Lemma le_half_sqr_of_is_derive (f df : R -> R) (t s M : R) :
  f t = 0 ->
  (forall r, Rmin t s <= r <= Rmax t s -> is_derive f r (df r)) ->
  (forall r, Rmin t s <= r <= Rmax t s -> Rabs (df r) <= M * Rabs (r - t)) ->
  f s <= M / 2 * (s - t) ^ 2.
Proof.
  intros Hft Hf Hdf.
  (* Mean value theorem for f - M/2 (r - t)^2, whose slope at c has the sign of t - s. *)
  assert (Hsq : forall r, is_derive (fun r => M / 2 * (r - t) ^ 2) r (M * (r - t)))
    by (intros r; auto_derive; [exact I | field]).
  destruct (MVT_gen (fun r => f r - M / 2 * (r - t) ^ 2) t s (fun r => df r - M * (r - t)))
    as [c [Hc Hmvt]].
  - intros r Hr. exact (is_derive_minus _ _ r _ _ (Hf r ltac:(lra)) (Hsq r)).
  - intros r Hr. apply continuity_pt_filterlim.
    apply (ex_derive_continuous (fun r => f r - M / 2 * (r - t) ^ 2)).
    exists (df r - M * (r - t)). exact (is_derive_minus _ _ r _ _ (Hf r Hr) (Hsq r)).
  - cbv beta in Hmvt.
    assert (Hsign : 0 <= (c - t) * (s - t))
      by (unfold Rmin, Rmax in Hc; destruct Rle_dec; nra).
    assert (Hslope : df c * (s - t) <= M * ((c - t) * (s - t))).
    { eapply Rle_trans; [apply Rle_abs|].
      rewrite <- (Rabs_pos_eq _ Hsign), !Rabs_mult, <- Rmult_assoc.
      apply Rmult_le_compat_r; [apply Rabs_pos | exact (Hdf c Hc)]. }
    nra.
Qed.

Lemma abs_le_half_sqr_of_is_derive (f df : R -> R) (t s M : R) :
  f t = 0 ->
  (forall r, Rmin t s <= r <= Rmax t s -> is_derive f r (df r)) ->
  (forall r, Rmin t s <= r <= Rmax t s -> Rabs (df r) <= M * Rabs (r - t)) ->
  Rabs (f s) <= M / 2 * (s - t) ^ 2.
Proof.
  intros Hft Hf Hdf. apply Rabs_le; split.
  - enough (- f s <= M / 2 * (s - t) ^ 2) by lra.
    apply (le_half_sqr_of_is_derive (fun r => - f r) (fun r => - df r)).
    + rewrite Hft; ring.
    + intros r Hr. exact (is_derive_opp _ r _ (Hf r Hr)).
    + intros r Hr. rewrite Rabs_Ropp. exact (Hdf r Hr).
  - exact (le_half_sqr_of_is_derive f df t s M Hft Hf Hdf).
Qed.
(* Green's relation L of (S,+), in the form it takes on idempotents. *)
Definition Lrel {S : Type} (add : S -> S -> S) (e f : S) : Prop :=
  add e f = e /\ add f e = f.

Lemma proj1_sig_inj {A : Type} {P : A -> Prop} (u v : sig P) :
  proj1_sig u = proj1_sig v -> u = v.
Proof. apply eq_sig_hprop; intros; apply proof_irrelevance. Qed.

Section Semiring.

Variables (S : Type) (add mul : S -> S -> S).
Local Infix "⊕" := add (at level 50, left associativity).
Local Infix "⊗" := mul (at level 40, left associativity).
Hypothesis addA : forall a b c, a ⊕ (b ⊕ c) = a ⊕ b ⊕ c.
Hypothesis mulA : forall a b c, a ⊗ (b ⊗ c) = a ⊗ b ⊗ c.
Hypothesis mulDl : forall a b c, a ⊗ (b ⊕ c) = a ⊗ b ⊕ a ⊗ c.
Hypothesis mulDr : forall a b c, (b ⊕ c) ⊗ a = b ⊗ a ⊕ c ⊗ a.

Lemma ntimes_idem e k : add_idem add e -> ntimes add k e = e.
Proof. intros He; induction k as [|k IH]; simpl; [reflexivity|]. now rewrite IH. Qed.

Lemma ntimes_add_comm k p : ntimes add k p ⊕ p = p ⊕ ntimes add k p.
Proof.
  induction k as [|k IH]; simpl; [reflexivity|].
  rewrite IH at 1. now rewrite <- addA.
Qed.

Lemma in_group_idem g u : in_group add g u -> add_idem add g.
Proof.
  intros [Hgu [_ [v [Huv _]]]]. unfold add_idem.
  rewrite <- Huv at 2. now rewrite addA, Hgu.
Qed.

Lemma in_group_unit e : add_idem add e -> in_group add e e.
Proof. intros He. repeat split; try exists e; auto. Qed.

Lemma in_group_inv e u :
  in_group add e u -> exists v, in_group add e v /\ u ⊕ v = e /\ v ⊕ u = e.
Proof.
  intros Hu. assert (He := in_group_idem _ _ Hu).
  destruct Hu as [Heu [Hue [v [Huv Hvu]]]].
  exists (e ⊕ v ⊕ e). repeat split.
  - now rewrite !addA, He.
  - now rewrite <- !addA, He.
  - exists u. split.
    + now rewrite <- !addA, Heu, Hvu, He.
    + now rewrite !addA, Hue, Huv, He.
  - now rewrite !addA, Hue, Huv, He.
  - now rewrite <- !addA, Heu, Hvu, He.
Qed.
(* [lmove] with its rules abstracted, so that the same moves can also be run
   on pairs (value, logarithmic derivative): [fa]/[fd] give the new
   upper-left/lower-right entries of an inner window, [g] the new border entry. *)
Definition local_move (i j : nat) X : nat -> nat -> T :=
  if (i == 1) && (j == 1) then X
  else if j == 1 then upd X i 1 (g (X i.-1 1) (X i 1))
  else if i == 1 then upd X 1 j (g (X 1 j.-1) (X 1 j))
  else upd (upd X i.-1 j.-1 (fa (X i.-1 j.-1) (X i.-1 j) (X i j.-1) (X i j)))
        i j (fd (X i.-1 j.-1) (X i.-1 j) (X i j.-1) (X i j)).

Lemma local_move_frame i j X p q :
  0 < i -> 0 < j -> ~~ writes i j p q -> local_move i j X p q = X p q.
Proof. by rewrite /local_move /writes /upd; repeat (case: ifP => //=); lia. Qed.

Lemma local_move_local i j X Y p q : 0 < i -> 0 < j -> writes i j p q ->
  (forall p' q', reads i j p' q' -> X p' q' = Y p' q') ->
  local_move i j X p q = local_move i j Y p q.
Proof.
rewrite /local_move /writes /reads /upd => hi hj hw h.
have [ei|ni] := eqVneq i 1; have [ej|nj] := eqVneq j 1;
  move: hw h; rewrite ?ei ?ej ?eqxx //=.
- rewrite (negbTE nj) /= => /andP[/eqP-> /eqP->] h.
  by rewrite !eqxx /= !h //= ?eqxx ?orbT.
- rewrite (negbTE ni) /= => /andP[/eqP-> /eqP->] h.
  by rewrite !eqxx /= !h //= ?eqxx ?orbT.
- rewrite (negbTE ni) (negbTE nj) /= => hw h.
  case/orP: hw => /andP[/eqP-> /eqP->]; rewrite !eqxx /=.
  + by case: ifP => [|_]; [lia | rewrite !h //= !eqxx ?orbT].
  + by rewrite !h //= !eqxx ?orbT.
Qed.

Lemma local_moveC i j k l X :
  0 < i -> 0 < j -> 0 < k -> 0 < l -> ~~ interfere (i, j) (k, l) ->
  local_move i j (local_move k l X) = local_move k l (local_move i j X).
Proof.
move=> hi hj hk hl hd; apply/funext => p; apply/funext => q.
have hd' : ~~ interfere (k, l) (i, j) by rewrite interfereC.
case hw1: (writes i j p q).
  have hw2 : ~~ writes k l p q.
    by apply/negP => /writes_reads; apply/negP; apply: noninterfering_disjoint hw1.
  rewrite [RHS]local_move_frame //.
  apply: local_move_local => // p' q' hr; apply: local_move_frame => //.
  by apply: contraL hr; apply: noninterfering_disjoint hd'.
case hw2: (writes k l p q).
  rewrite [LHS]local_move_frame ?hw1 //.
  apply: local_move_local => // p' q' hr; symmetry; apply: local_move_frame => //.
  by apply: contraL hr; apply: noninterfering_disjoint hd.
by rewrite !local_move_frame ?hw1 ?hw2.
Qed.

Lemma local_move_transp i j X :
  (forall a b c d, fa a b c d = fa a c b d) ->
  (forall a b c d, fd a b c d = fd a c b d) ->
  local_move i j (transp X) = transp (local_move j i X).
Proof.
move=> hfa hfd; apply/funext => p; apply/funext => q.
rewrite /local_move /transp /upd.
have [ei|ni] := eqVneq i 1; have [ej|nj] := eqVneq j 1;
  rewrite ?ei ?ej ?(negbTE ni) ?(negbTE nj) ?eqxx //=; try by rewrite andbC.
rewrite (andbC (q == j)) (andbC (q == j.-1)).
by repeat case: ifP => // _; rewrite ?hfa ?hfd.
Qed.

Lemma local_move_agree n i j X Y : 1 <= i <= n -> 1 <= j <= n ->
  agree_on n X Y -> agree_on n (local_move i j X) (local_move i j Y).
Proof.
move=> hi hj h p q hp hq.
case hw: (writes i j p q); last by rewrite !local_move_frame ?hw //; [apply: h | lia..].
apply: local_move_local => //; try lia.
by move=> p' q' /(reads_in_range hi hj) [??]; apply: h.
Qed.

Lemma local_move_ul i j X : 1 < i -> 1 < j ->
  local_move i j X i.-1 j.-1 = fa (X i.-1 j.-1) (X i.-1 j) (X i j.-1) (X i j).
Proof. by rewrite /local_move /upd; repeat (case: ifP => //= ?); lia. Qed.

Lemma local_move_lr i j X : 1 < i -> 1 < j ->
  local_move i j X i j = fd (X i.-1 j.-1) (X i.-1 j) (X i j.-1) (X i j).
Proof. by rewrite /local_move /upd; repeat (case: ifP => //= ?); lia. Qed.

Lemma local_move_col1 i X : 1 < i -> local_move i 1 X i 1 = g (X i.-1 1) (X i 1).
Proof. by rewrite /local_move /upd; repeat (case: ifP => //= ?); lia. Qed.

Lemma local_move_row1 j X : 1 < j -> local_move 1 j X 1 j = g (X 1 j.-1) (X 1 j).
Proof. by rewrite /local_move /upd; repeat (case: ifP => //= ?); lia. Qed.

(* A letter [(i, j, k)] is the move at [(i, j)]; the tag [k] only serves to
   order letters. *)
Definition run_moves (w : seq (nat * nat * nat)) X :=
  foldl (fun Y e => local_move e.1.1 e.1.2 Y) X w.

Lemma run_moves_cat u v X : run_moves (u ++ v) X = run_moves v (run_moves u X).
Proof. exact: foldl_cat. Qed.

Lemma run_moves_flatten (A : Type) (f : A -> seq (nat * nat * nat)) s X :
  run_moves (flatten (map f s)) X = foldl (fun Y x => run_moves (f x) Y) X s.
Proof. by elim: s X => //= x s IH X; rewrite run_moves_cat IH. Qed.

Lemma run_moves_row i k s X :
  run_moves [seq (i, j, k) | j <- s] X = foldl (fun Y j => local_move i j Y) X s.
Proof. by elim: s X => //= j s IH X; rewrite IH. Qed.

Lemma run_moves_agree n w X Y :
  all (in_square n) w ->
  agree_on n X Y -> agree_on n (run_moves w X) (run_moves w Y).
Proof.
elim: w X Y => //= e w IH X Y /andP[/andP[??] hw] h.
by apply: IH => //; apply: local_move_agree.
Qed.

Lemma local_move_run_commute e u X :
  pos_move e -> all pos_move u -> all (fun f => ~~ interfere e.1 f.1) u ->
  local_move e.1.1 e.1.2 (run_moves u X) = run_moves u (local_move e.1.1 e.1.2 X).
Proof.
case: e => [[i j] m] /=.
elim: u X => [|[[k l] m'] u IH] X //= he /andP[hf hu] /andP[hd hdu].
rewrite IH //; congr run_moves.
by case/andP: he => ??; case/andP: hf => ??; rewrite local_moveC.
Qed.

(* A reordering of a word that keeps every interfering pair in place (the
   orders [R1], [R2] witness this) does not change the composite. *)
Lemma run_moves_reorder (R1 R2 : rel (nat * nat * nat)) w1 w2 X :
  all pos_move w1 -> uniq w1 -> perm_eq w1 w2 ->
  pairwise R1 w1 -> pairwise R2 w2 ->
  (forall e f, e \in w1 -> f \in w1 -> interfere e.1 f.1 -> R1 e f -> R2 e f) ->
  (forall e f, R2 e f -> R2 f e -> False) ->
  run_moves w1 X = run_moves w2 X.
Proof.
elim: w1 w2 X => [|e w1 IH] w2 X; first by move=> _ _ /perm_size/esym/size0nil->.
move=> /= /andP[he hall] /andP[enw1 uw1] hp /andP[hR1e hR1] hR2 hagr hasym.
have uw2 : uniq w2 by rewrite -(perm_uniq hp) /= enw1.
have ew2 : e \in w2 by rewrite -(perm_mem hp) mem_head.
case/splitPr: ew2 hp hR2 uw2 => u v hp hR2 uw2.
have hp' : perm_eq w1 (u ++ v).
  by rewrite -(perm_cons e) (perm_trans hp) // -cat1s perm_catCA.
move: hR2; rewrite pairwise_cat => /and3P[hal hR2u /andP[hR2e hR2v]].
have in_w1 f : f \in u -> f \in e :: w1 by rewrite (perm_mem hp) mem_cat => ->.
have hallu : all pos_move u.
  by apply/allP => f /in_w1; rewrite inE => /predU1P[->|/(allP hall)].
have hindep : all (fun f => ~~ interfere e.1 f.1) u.
  apply/allP => f fu; apply/negP => hd.
  have fe : f != e.
    apply/eqP => fe; move: uw2; rewrite cat_uniq /= => /and3P[_ + _].
    by rewrite negb_or -fe fu.
  have fw1 : f \in w1 by move: (in_w1 f fu); rewrite inE (negbTE fe).
  have h2 : R2 e f by apply: hagr; rewrite ?inE ?eqxx ?fw1 ?orbT //; apply: (allP hR1e).
  have h3 : R2 f e by move/allrelP: hal => /(_ f e fu); rewrite inE eqxx => /(_ isT).
  exact: hasym h2 h3.
rewrite run_moves_cat /= -/(run_moves v _) local_move_run_commute // -run_moves_cat.
apply: IH => //.
- rewrite pairwise_cat; apply/and3P; split => //.
  by apply/allrelP => x y xu yv; move/allrelP: hal; apply => //; rewrite inE yv orbT.
- by move=> a b aw bw; apply: hagr; rewrite inE ?aw ?bw orbT.
Qed.
Lemma Theta_global_minimizerE w : Q !=set0 ->
  is_global_minimizer (Theta_fun K f a eta y s) w <-> is_proj_onto Q z w.
Proof.
move=> [w0 Qw0]; rewrite is_proj_ontoE.
set k := - a ^+ 2 * eta / 2 + a * s.
have ThQ w' : Q w' ->
    Theta_fun K f a eta y s w' = ((2 * eta)^-1 * sqnorm1 (sub1 w' z) + k)%:E.
  by move=> Qw'; rewrite /Theta_fun asboolT // /k; congr (_%:E); ring.
have ThnQ w' : ~ Q w' -> Theta_fun K f a eta y s w' = +oo%E.
  by move=> nQw'; rewrite /Theta_fun asboolF.
split=> [w_min|[Qw w_min] w'].
  have Qw : Q w.
    have [//|nQw] := pselect (Q w).
    by have := w_min w0; rewrite ThnQ // ThQ // leye_eq.
  split=> // w' Qw'; have := w_min w'.
  by rewrite !ThQ // lee_fin lerD2r ler_pM2l.
have [Qw'|nQw'] := pselect (Q w'); last by rewrite (ThnQ w') // leey.
by rewrite !ThQ // lee_fin lerD2r ler_pM2l // w_min.
Qed.

Lemma lift_dist_le (L : R) x x' : lipschitz_with_on K L f -> K x -> K x' ->
  enorm1 (sub1 (lift x) (lift x')) <= (1 + L / a) * enormV (x - x').
Proof.
move=> Lf Kx Kx'; apply: le_trans (enorm1_le _ _) _.
rewrite mulrDl mul1r lerD2l; apply: le_trans (ler_dist_max _ _ _) _.
have ai_gt0 : 0 < a^-1 by rewrite invr_gt0.
by rewrite -mulrBl normrM (gtr0_norm ai_gt0) mulrAC ler_pM2r //; exact: Lf.
Qed.

End Zeta.

Theorem lemma18 (R : realType) (d : nat) (K : set 'rV[R]_d) (Rad : R)
  (f : 'rV[R]_d -> R) (L a eta : R) (y : 'rV[R]_d) (s : R) :
  K !=set0 -> topology_structure.closed K -> cvx_set K ->
  (forall x, enormV x <= 1 -> K x) ->
  (forall x, K x -> enormV x <= Rad) ->
  cvx_fun_on K f -> 0 <= L -> lipschitz_with_on K L f ->
  0 < a -> 0 < eta ->
  let z := (y, s - a * eta) in
  let Q := Qset_epi K f a in
  let Th := Theta_fun K f a eta y s in
  let ze := zeta_fun f a eta y s in
  (* (a) *)
  (exists xs : 'rV[R]_d,
     is_argmin_on K ze xs /\ (forall x', is_argmin_on K ze x' -> x' = xs) /\
     let ts := Num.max (f xs / a) (s - a * eta) in
     (forall w, is_global_minimizer Th w <-> w = (xs, ts)) /\
     is_proj_onto Q z (xs, ts)) /\
  (* (b) *)
  strongly_cvx_on K eta^-1 ze /\
  (* (c) *)
  (forall xt : 'rV[R]_d, K xt ->
     (forall x, K x -> ze xt - ze x <= 1 / (d.+1)%:R) ->
     let tt := Num.max (f xt / a) (s - a * eta) in
     forall p, is_proj_onto Q z p ->
       enorm1 (sub1 (xt, tt) p) <= (1 + L / a) * Num.sqrt (2 * eta / (d.+1)%:R)).
Proof.
move=> K0 Kcl Kcvx _ Kb fcvx L0 Lf a0 eta0 z Q Th ze.
have ze_scvx : strongly_cvx_on K eta^-1 ze by exact: zeta_strongly_cvx.
have eta_inv_gt0 : 0 < eta^-1 by rewrite invr_gt0.
have [xs xs_min] : exists xs, is_argmin_on K ze xs.
  apply: argmin_exists K0 (enormV_bounded_closed_compact Kcl Kb) _.
  exact: zeta_continuous L0 Lf.
have xs_uniq x : is_argmin_on K ze x -> x = xs.
  by move/(strongly_cvx_argmin_unique Kcvx ze_scvx eta_inv_gt0); apply.
have projE := is_proj_onto_epi_lift a0 eta0 xs_min xs_uniq.
split; last split=> //.
  exists xs; do 2!split=> //; split=> [w|]; last exact/projE.
  rewrite -projE; apply: Theta_global_minimizerE => //.
  exists (xs, Num.max (f xs / a) (s - a * eta)).
  by apply: lift_in_epi => //; exact: xs_min.1.
move=> xt Kxt xt_gap tt p /projE ->.
apply: le_trans (lift_dist_le eta s a0 Lf Kxt xs_min.1) _.
apply: ler_wpM2l; first by apply: addr_ge0; rewrite // divr_ge0 // ltW.
apply: ler_wsqrtr.
have growth := strongly_cvx_argmin_growth Kcvx ze_scvx (ltW eta_inv_gt0) xs_min Kxt.
have n_gt0 : 0 < (d.+1)%:R :> R by rewrite ltr0n.
rewrite -(ler_pM2l (_ : 0 < eta^-1 / 2)) ?divr_gt0 //.
rewrite (_ : eta^-1 / 2 * (2 * eta / _) = 1 / (d.+1)%:R); last first.
  by field; rewrite !gt_eqF.
exact: le_trans growth (xt_gap _ xs_min.1).
Qed.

........

- Brief -
From the records above, print exactly the lines that run from the line with "apply/eqP => fe;" to the line with "by rewrite !ThQ // lee_fin lerD2r ler_pM2l.", inclusive.

- Solved problem -
    apply/eqP => fe; move: uw2; rewrite cat_uniq /= => /and3P[_ + _].
    by rewrite negb_or -fe fu.
  have fw1 : f \in w1 by move: (in_w1 f fu); rewrite inE (negbTE fe).
  have h2 : R2 e f by apply: hagr; rewrite ?inE ?eqxx ?fw1 ?orbT //; apply: (allP hR1e).
  have h3 : R2 f e by move/allrelP: hal => /(_ f e fu); rewrite inE eqxx => /(_ isT).
  exact: hasym h2 h3.
rewrite run_moves_cat /= -/(run_moves v _) local_move_run_commute // -run_moves_cat.
apply: IH => //.
- rewrite pairwise_cat; apply/and3P; split => //.
  by apply/allrelP => x y xu yv; move/allrelP: hal; apply => //; rewrite inE yv orbT.
- by move=> a b aw bw; apply: hagr; rewrite inE ?aw ?bw orbT.
Qed.
Lemma Theta_global_minimizerE w : Q !=set0 ->
  is_global_minimizer (Theta_fun K f a eta y s) w <-> is_proj_onto Q z w.
Proof.
move=> [w0 Qw0]; rewrite is_proj_ontoE.
set k := - a ^+ 2 * eta / 2 + a * s.
have ThQ w' : Q w' ->
    Theta_fun K f a eta y s w' = ((2 * eta)^-1 * sqnorm1 (sub1 w' z) + k)%:E.
  by move=> Qw'; rewrite /Theta_fun asboolT // /k; congr (_%:E); ring.
have ThnQ w' : ~ Q w' -> Theta_fun K f a eta y s w' = +oo%E.
  by move=> nQw'; rewrite /Theta_fun asboolF.
split=> [w_min|[Qw w_min] w'].
  have Qw : Q w.
    have [//|nQw] := pselect (Q w).
    by have := w_min w0; rewrite ThnQ // ThQ // leye_eq.
  split=> // w' Qw'; have := w_min w'.
  by rewrite !ThQ // lee_fin lerD2r ler_pM2l.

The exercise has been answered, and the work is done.